When I imagine a tree falling in a forest, I can imagine it whistling
God Save the Queen. I can *imagine* the world before my birth, but I
cannot experience it. I'm not (nor ever was) embedded in it; for me,
it isn't real - or at least, no more real than plenty of other
possible worlds I can cook up with equal ease. Maybe, of course, you
are older than I am - but your information base is different from
mine, anyway.

Alright, I admit it, I come from a religious background, and I believe
in the indefeasibility and the irrelevance of an extratemporal
creation: whether the past "happened" is for me an immense
non-question. ONLY consistency models apply to it.

|On the other hand you can have _identical_ impressions of your environment
|while living in different realities, simply because you cannot process
|or grasp the whole reality. Newtonian theory can be sufficient for two worlds
|which obey or not obey to the principles of relativity (in the one case it is 
|the limit humans can understand, in the other it is the general rule)

Or we can define those as the same world, the same reality. Probably
healthier, and more along the lines that physics has been persuing of
late.

|>[Actually it's a little trickier because there are multiple
|>information channels linking two people, even - especially - when the
|>two people are identical. There are some amusing pathologies that can
|>be constructed; a neat one person case is the upside-down glasses
|>experiment; for the two-person case - have you ever had the experience
|>of body-map crossover with (say) a lover, when you can't figure out
|>who some piece of anatomy belongs to?]
|
|But after enough practising you can distinguish your parts from the others.

That's a profoundly interesting fact, because it isn't a necessary
characteristic of such systems, from the mathematical perspective.

|>So a simulated person in a simulated world stands (and
|>indistinguishably so) in the same relation to hir environment that a
|>real person in a real world does - and a different one that a
|>simulated person in a real world or a real person in a simulated world
|>does, since in each of the latter cases there is an essentially
|>arbitrary interface layer involved.
|>
|>That's what Gibson's (rather unconvincing) cyberspace is about - why
|>it has psychological power. Trite Godel reference goes here.  More
|>important in practise, it explains why in "hard" CS virtual machines
|>are such a big issue: it is (syntacto-) semantically essential that
|>the actuality of reality be undecidable on the basis of internal
|>evidence.
|
|Not if one discovers more facts about the reality.
|Then there is a transit period, untill one comes to the equilibrium
|about the actual reality, and its internal represenation.

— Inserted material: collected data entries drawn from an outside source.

Lemma sqnorm_centroid_sub_le Y p (D2 : R) : (0 < size Y)%N ->
  {in Y, forall y, sqnorm (y - p) <= D2} -> sqnorm (centroid Y - p) <= D2.
Proof.
move=> Y_gt0 YD2; have m_gt0 : 0 < (size Y)%:R :> R by rewrite ltr0n.
have sum_eq : \sum_(y <- Y) sqnorm (y - p) =
    (size Y)%:R * sqnorm (centroid Y - p) + inertia Y.
  rewrite -parallel_axis //; apply: eq_bigr => y _; congr sqnorm.
  by rewrite [RHS]addrC addrA subrK.
have := ler_sum_const_seq YD2; rewrite sum_eq -[D2 *+ _]mulr_natl => le_sum.
by rewrite -(ler_pM2l m_gt0); have := inertia_ge0 Y; lra.
Qed.

Lemma sum_tuples_sqnorm Y k : (0 < size Y)%N ->
  (size Y)%:R * \sum_(t <- tuples k Y) sqnorm (\sum_(x <- t) x - k%:R *: centroid Y)
  = k%:R * (size Y)%:R ^+ k * inertia Y.
Proof.
move=> Y_gt0; elim: k => [|k IH] /=.
  by rewrite big_seq1 big_nil scale0r subr0 sqnorm0 mulr0 !mul0r.
have shift t y : \sum_(x <- y :: t) x - k.+1%:R *: centroid Y =
    (\sum_(x <- t) x - k%:R *: centroid Y) + (y - centroid Y).
  rewrite big_cons; move: (\sum_(x <- t) x) => S.
  by apply/rowP => i; rewrite !mxE mulrSr; ring.
rewrite big_allpairs_dep /= exchange_big /=.
under eq_bigr => t _
  do (under eq_bigr => y _ do rewrite shift; rewrite parallel_axis //).
rewrite big_split /= -mulr_sumr sumr_const_seq size_tuples.
rewrite -[inertia Y *+ _]mulr_natl natrX.
by rewrite mulrDr IH exprS mulrSr; ring.
Qed.

End Euclidean.

Section CloseTuples.
Variables (R : realFieldType) (d : nat).
Implicit Types (Y : seq 'rV[R]_d) (K : R).

Definition close_tuples r K Y : seq (seq 'rV[R]_d) :=
  [seq t <- tuples r Y | sqnorm (\sum_(x <- t) x - r%:R *: centroid Y) <= K].

Lemma close_tuples_centroid r K Y Y' t :
  t \in close_tuples r K Y -> t \in close_tuples r K Y' ->
  r%:R ^+ 2 * sqnorm (centroid Y - centroid Y') <= 4 * K.
Proof.
rewrite !mem_filter => /andP[closeY _] /andP[closeY' _].
set S := \sum_(x <- t) x.
have := sqnormD_le (S - r%:R *: centroid Y') (- (S - r%:R *: centroid Y)).
rewrite sqnormN opprB [_ + (_ - S)]addrC addrA subrK -scalerBr sqnormZ.
lra.
Qed.

Lemma close_tuples_half r K Y (D2 : R) : (0 < size Y)%N ->
  {in Y &, forall y y', sqnorm (y - y') <= D2} -> r%:R * D2 <= K ->
  (size Y)%:R ^+ r <= 2 * (size (close_tuples r K Y))%:R :> R.
Proof.
move=> Y_gt0 YD2 K_ge; set m : R := (size Y)%:R.
have m_gt0 : 0 < m by rewrite ltr0n.
have mr_ge0 : 0 <= m ^+ r by rewrite exprn_ge0 // ltW.
have inertiaY := inertia_le Y_gt0 YD2.
have D2_ge0 : 0 <= D2.
  rewrite -(pmulr_rge0 _ m_gt0); apply: le_trans inertiaY.
  by rewrite mulr_ge0 ?inertia_ge0.
have K_ge0 : 0 <= K := le_trans (mulr_ge0 (ler0n _ _) D2_ge0) K_ge.
pose f t := sqnorm (\sum_(x <- t) x - r%:R *: centroid Y).
have sum_le : \sum_(t <- tuples r Y) f t <= (m ^+ r / 2) * K.
  rewrite -(ler_pM2l m_gt0) sum_tuples_sqnorm //.
  have : r%:R * m ^+ r * (2 * inertia Y) <= r%:R * m ^+ r * (m * D2).
    by rewrite ler_wpM2l // mulr_ge0.
  have : r%:R * D2 * m <= K * m by rewrite ler_wpM2r // ltW.
  nra.
have := count_gt_le K_ge0 _ (fun t => sqnorm_ge0 _) sum_le.
rewrite (_ : count _ _ = count (predC (fun t => f t <= K)) (tuples r Y)); last first.
  by apply: eq_count => t; rewrite /= ltNge.
have := count_predC (fun t => f t <= K) (tuples r Y).
rewrite size_tuples /close_tuples size_filter => /(congr1 (fun n => n%:R : R)).
rewrite natrD natrX -/m; lra.
Qed.

Lemma close_tuples1 K Y (D2 : R) : (0 < size Y)%N ->
  {in Y &, forall y y', sqnorm (y - y') <= D2} -> D2 <= K ->
  size (close_tuples 1 K Y) = size Y.
Proof.
move=> Y_gt0 YD2 D2K.
rewrite size_filter (@eq_in_count _ _ predT) ?count_predT ?size_tuples ?expn1 //.
move=> s /allpairsP[[y t] [/= yY]]; rewrite inE => /eqP -> ->.
rewrite big_seq1 scale1r sqnormB /=; apply: le_trans D2K.
by apply: sqnorm_centroid_sub_le => // y' y'Y; apply: YD2.
Qed.

Lemma close_tuples_many r K Y (D2 : R) : (0 < r)%N -> (0 < size Y)%N ->
  {in Y &, forall y y', sqnorm (y - y') <= D2} -> r%:R * D2 <= K ->
  (size Y)%:R ^+ r <= r%:R ^+ r * (size (close_tuples r K Y))%:R :> R.
Proof.
move=> r_gt0 Y_gt0 YD2 K_ge; have [r_le1 | r_ge2] := leqP r 1.
  have r1 : r = 1%N by apply/eqP; rewrite eqn_leq r_le1.
  move: K_ge; rewrite r1 mul1r => D2K.
  by rewrite (close_tuples1 Y_gt0 YD2 D2K) !expr1 mul1r.
apply: le_trans (close_tuples_half Y_gt0 YD2 K_ge) _.
rewrite ler_wpM2r // -natrX ler_nat (leq_trans r_ge2) //.
by rewrite -{1}(expn1 r) leq_pexp2l // ltnW.
Qed.

End CloseTuples.

Section CentroidNet.
Variables (R : realType) (d : nat).
Implicit Types (p q : 'rV[R]_d) (P Y : seq 'rV[R]_d).

Lemma edist_le p q (rho : R) :
  0 <= rho -> sqnorm (p - q) <= rho ^+ 2 -> edist p q <= rho.
Proof.
move=> rho_ge0 le_sq; rewrite /edist /enorm -(ger0_norm rho_ge0) -sqrtr_sqr.
by rewrite ler_sqrt ?sqr_ge0.
Qed.

Lemma diam_ge0 P : 0 <= diam P.
Proof. exact: bigmax_ge_id. Qed.

Lemma sqnorm_sub_le_diam P p q : p \in P -> q \in P -> sqnorm (p - q) <= diam P ^+ 2.
Proof.
move=> pP qP; have pq : edist p q <= diam P.
  apply: le_trans (le_bigmax_seq 0 _ predT
    (fun p => \big[Num.max/0]_(q <- P) edist p q) pP isT).
  exact: (le_bigmax_seq 0 _ predT (fun q => edist p q) qP isT).
rewrite -(sqr_sqrtr (sqnorm_ge0 (p - q))); have := sqrtr_ge0 (sqnorm (p - q)).
by move: pq; rewrite /edist /enorm; nra.
Qed.

Lemma in_conv_centroid Y : (0 < size Y)%N -> in_conv Y (centroid Y).
Proof.
move=> Y_gt0; exists (fun=> (size Y)%:R^-1); split=> [i|]; first by rewrite invr_ge0.
split; first by rewrite sumr_const card_ord -[_ *+ _]mulr_natr mulVf ?pnatr_eq0 -?lt0n.
by rewrite /centroid (big_nth 0) big_mkord scaler_sumr.
Qed.

Lemma edist_centroid_close P r Y Y' t : (0 < r)%N ->
  t \in close_tuples r (r%:R * diam P ^+ 2) Y ->
  t \in close_tuples r (r%:R * diam P ^+ 2) Y' ->
  edist (centroid Y) (centroid Y') <= 2 * diam P / Num.sqrt r%:R.
Proof.
move=> r_gt0 tY tY'; have r_gt0' : 0 < r%:R :> R by rewrite ltr0n.
apply: edist_le; first by rewrite divr_ge0 ?sqrtr_ge0 ?mulr_ge0 ?diam_ge0.
rewrite expr_div_n sqr_sqrtr ?ler0n // ler_pdivlMr //.
have := close_tuples_centroid tY tY'; nra.
Qed.

Definition heavy P (eps : R) Y : Prop :=
  [/\ uniq Y, {subset Y <= P} & eps * (size P)%:R <= (size Y)%:R].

But there is in general a limit to the "facts" that you can discover.
----------------------------------------------------------------------
stephen p spackman         Center for Information and Language Studies
stephen@estragon.uchicago.edu                    University of Chicago
----------------------------------------------------------------------
       Believe in Strong AI? I don't even believe in Strong I!